# Rule of Thumb for Material Needed Either Side of Threaded Hole?



## Bolster

Is there a rule of thumb regarding how much metal should be left adjacent to a threaded hole? Let's say I have a piece of steel that's .250 in one dimension, for example. Is it OK to tap it for a #12 screw, major diameter being .216? That leaves just .017 of metal on either side, so I would not do it, just on intuition. But is there some rule of thumb?


----------



## New_Guy

is it a cylinder? you should be able to do it, i dont think you would break the tap if its all lined up right and you shouldnt cut out the wall but the thread wont be as strong maybe try using a smaller thread if you can


----------



## Bolster

Regardless the shape of the metal around the hole, how close to the edge of a piece of metal (steel) can the hole be, before thread integrity is compromised? 

What I am looking for is a rule of thumb, such as "the metal surrounding a hole should be ___ percent larger than the major diameter of the screw," or something similar. 

Preferably I'd like to know how much metal to leave around a hole, without weakening the threads appreciably. The dimensions above are just examples for clarification.


----------



## Ken I

I've been in engineering over 40 years and I don't recall any such rule of thumb.

Normally you need to pitch away from an edge sufficient to leave space for a cap screw, hex head or washer diameter.

I have placed holes at half the diameter from an edge (it doesn't break through because the major diameter is always a little less than theoretical) - not a desireable state of affairs - but then I can't see that it created any problems.

I recently placed a row of M5 holes along a 6mm copper plate to secure a steel "T" piece with no problems.

The only rule I would state is that the thread should not break through.

When tapping holes in the ends of shafts the two cross sections should be (at least) approximately equal

Example an M6 has a core of approx 5 diameter then the minimum OD would be (5^2 + 6^2)^0.5 or 7.8mm diameter - at this point the bolt and shaft have the same tensile strength - if made from the same materials.
For a cap screw having approximately twice the tensile strength of mild steel this would become ({2x[5^2]} + 6^2)^0.5 or 9.3mm diameter (calculations are ignoring all constants such a Pi - the results stay the same).

Repeating this for an M8 (same material) you get a minimum OD of 10mm.
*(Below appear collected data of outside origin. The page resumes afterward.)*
Definition Rset r (A : 'M[int]_r) (c0 c a : 'cV[R]_r) : Prop :=
  CQ A c0 c \/
  ((exists m, SQ A c0 m /\ c = map_mx intR m) /\ ~ (exists k : int, Bf A c a = intR k)).
Definition Dset r (A : 'M[int]_r) (c0 c : 'cV[R]_r) (z : 'cV[Cx]_r) (tau : Cx) : Prop :=
  0 < complex.Im tau /\ Rset A c0 c (avec z tau).

Definition Eerf (x : R) : R :=
  (2 * RInt.RInt (V := Hierarchy.R_CompleteNormedModule) (fun t => exp (- PI * (t * t))) 0 x)%R.

Definition rho r (A : 'M[int]_r) (c0 c nu : 'cV[R]_r) (tau : Cx) : R :=
  if excluded_middle_informative (CQ A c0 c) then
    Eerf (Bf A c nu / sqrt (- Qf A c) * sqrt (complex.Im tau))
  else Num.sg (Bf A c nu).

Definition cexp (w : Cx) : Cx :=
  ((exp (complex.Re w) * cos (complex.Im w)) +i* (exp (complex.Re w) * sin (complex.Im w)))%C.

Definition twopii : Cx := (0 +i* (2 * PI))%C.

Definition BnC r (A : 'M[int]_r) (n : 'cV[int]_r) (z : 'cV[Cx]_r) : Cx :=
  ((map_mx intC n)^T *m map_mx intC A *m z) 0 0.

Definition theta_term r (A : 'M[int]_r) (c0 c1 c2 : 'cV[R]_r) (z : 'cV[Cx]_r) (tau : Cx)
  (n : 'cV[int]_r) : Cx :=
  let nu := map_mx intR n + avec z tau in
  realC (rho A c0 c1 nu tau - rho A c0 c2 nu tau) *
  cexp (twopii * realC (Qf A (map_mx intR n)) * tau + twopii * BnC A n z).

(* unordered (net) summation over Z^r *)
Definition HasSum r (f : 'cV[int]_r -> Cx) (s : Cx) : Prop :=
  forall eps : R, 0 < eps -> exists F0 : seq 'cV[int]_r,
    forall F : seq 'cV[int]_r, uniq F -> {subset F0 <= F} ->
      `|\sum_(n <- F) f n - s| < realC eps.

Definition SumZr r (f : 'cV[int]_r -> Cx) : Cx :=
  epsilon (inhabits 0) (fun s => HasSum f s).

Definition theta r (A : 'M[int]_r) (c0 c1 c2 : 'cV[R]_r) (z : 'cV[Cx]_r) (tau : Cx) : Cx :=
  SumZr (theta_term A c0 c1 c2 z tau).

From Pilot Require Import Defs.
From HB Require Import structures.
From mathcomp Require Import all_boot all_order all_algebra.
From mathcomp Require Import complex Rstruct.
From Stdlib Require Import Reals FunctionalExtensionality PropExtensionality.
From Stdlib Require Import ClassicalEpsilon.
From mathcomp Require Import ring lra.
Import Order.TTheory GRing.Theory Num.Theory.
Local Open Scope ring_scope.
Set Implicit Arguments. Unset Strict Implicit. Unset Printing Implicit Defensive.

(* Since Q has signature (r-1,1), the B-orthogonal complement of a timelike
   vector is positive definite.  This gives the reverse Cauchy-Schwarz
   inequality B(x,x) B(y,y) <= B(x,y)^2 for timelike y, and with it the
   transitivity of "B(x,y) < 0" among timelike vectors.  Hence the time
   orientation condition defining O_A^+ makes an isometry C, and also its
   inverse, map the cone C_Q into itself, and a limiting argument extends
   this to the null vectors of S_Q; C^{-1} is integral, so primitivity is
   preserved as well.  Finally rho^{Cc}(C nu) = rho^c(nu), so the summand of
   theta^{Cc_1,Cc_2}(Cz) at Cn is the summand of theta^{c_1,c_2}(z) at n, and
   n |-> Cn is a bijection of Z^r. *)

Section BilinearForm.
Variables (r : nat) (A : 'M[int]_r).

Lemma BfDl x y z : Bf A (x + y) z = Bf A x z + Bf A y z.
Proof. by rewrite /Bf raddfD /= !mulmxDl mxE. Qed.

Lemma BfDr x y z : Bf A z (x + y) = Bf A z x + Bf A z y.
Proof. by rewrite /Bf !mulmxDr mxE. Qed.

Lemma BfZl a x z : Bf A (a *: x) z = a * Bf A x z.
Proof. by rewrite /Bf linearZ /= -!scalemxAl mxE. Qed.

Lemma BfZr a x z : Bf A z (a *: x) = a * Bf A z x.
Proof. by rewrite /Bf -!scalemxAr mxE. Qed.

Lemma BfNl x z : Bf A (- x) z = - Bf A x z.
Proof. by rewrite -scaleN1r BfZl mulN1r. Qed.

Lemma BfNr x z : Bf A z (- x) = - Bf A z x.
Proof. by rewrite -scaleN1r BfZr mulN1r. Qed.

Lemma BfC x y : A^T = A -> Bf A x y = Bf A y x.
Proof.
move=> hA; rewrite /Bf.
transitivity ((x^T *m AR A *m y)^T 0 0); first by rewrite [RHS]mxE.
by rewrite !trmx_mul trmxK mulmxA /AR map_trmx hA.
Qed.

(* The numeral 2 in Qf is Stdlib's IZR 2, hence Rlt_0_2. *)
Let inv2_gt0 : 0 < (2 : R)^-1.
Proof. by rewrite invr_gt0; apply/RltP; exact: Rlt_0_2. Qed.

Lemma Qf_lt0 x : (Qf A x < 0) = (Bf A x x < 0).
Proof. by rewrite /Qf pmulr_llt0. Qed.

Lemma Qf_eq0 x : (Qf A x == 0) = (Bf A x x == 0).
Proof. by rewrite /Qf mulf_eq0 (negbTE (lt0r_neq0 inv2_gt0)) orbF. Qed.

Definition form_isometry (G : 'M[R]_r) := G^T *m AR A *m G = AR A.

Lemma Bf_isometry G x y : form_isometry G -> Bf A (G *m x) (G *m y) = Bf A x y.
Proof. by move=> hG; rewrite /Bf trmx_mul -[in RHS]hG !mulmxA. Qed.

Lemma Qf_isometry G x : form_isometry G -> Qf A (G *m x) = Qf A x.
Proof. by move=> hG; rewrite /Qf Bf_isometry. Qed.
Perhaps this clearance on a shaft could serve as your "rule of thumb" for distance to an edge.

Hope this helps.

P.S. in the medievil period the rule of thumb was that you weren't allowed to beat your wife with a stick thicker than your thumb.

Ken


----------



## Bolster

Yes! Very helpful! I see I have more leeway to get closer to the edge than I thought. Applause for the answer. 

And regards wife beating, I have been using a rod about the diameter of my little finger, so I'm sure we'll all be thrilled that I can move up in diameter to my thumb, thanks for the info!


----------



## Mainer

My general guideline is to leave enough space so the head of the bolt bears fully all around. Assuming we're doing this to scale and not taking into account "heavy pattern" bolts and such, a bolt head should be 1.5 times the diameter of the bolt (e.g. a full-size 1" dia. bolt has a head 1.5" across the flats) so we could get within 3/4 the diameter of the bolt to the edge before worrying about the bolt head not bearing fully (I'm neglecting the points of the hex).

Does this "rule" mean anything? Probably not.


----------



## bp

I agree with most of the above, but to throw a spanner in the works, when I was a draftsman if I left less than 1.5 x D between the centreline of the hole and the edge, I would have been sacked.
However making sure that whatever washer you will be using will be fully supported should do the trick.
In the main rules of thumb are based on precedent as to what has worked in the past. When in doubt ask like you have!!
Merry Christmas
and a safe new year
cheers
Bill Pudney


----------



## rcmadness

One thing I will throw into the mix is the fact that if you are tapping Alum or Brass, if you get too close to the edge it will bulge out the metal on the side of the part when you tap it. Ask me how I know!!!!!!!!

I would wager a guess that the edge of the hole to the edge of the work should be at least the width of the bolt. Remember this is just a guess.


----------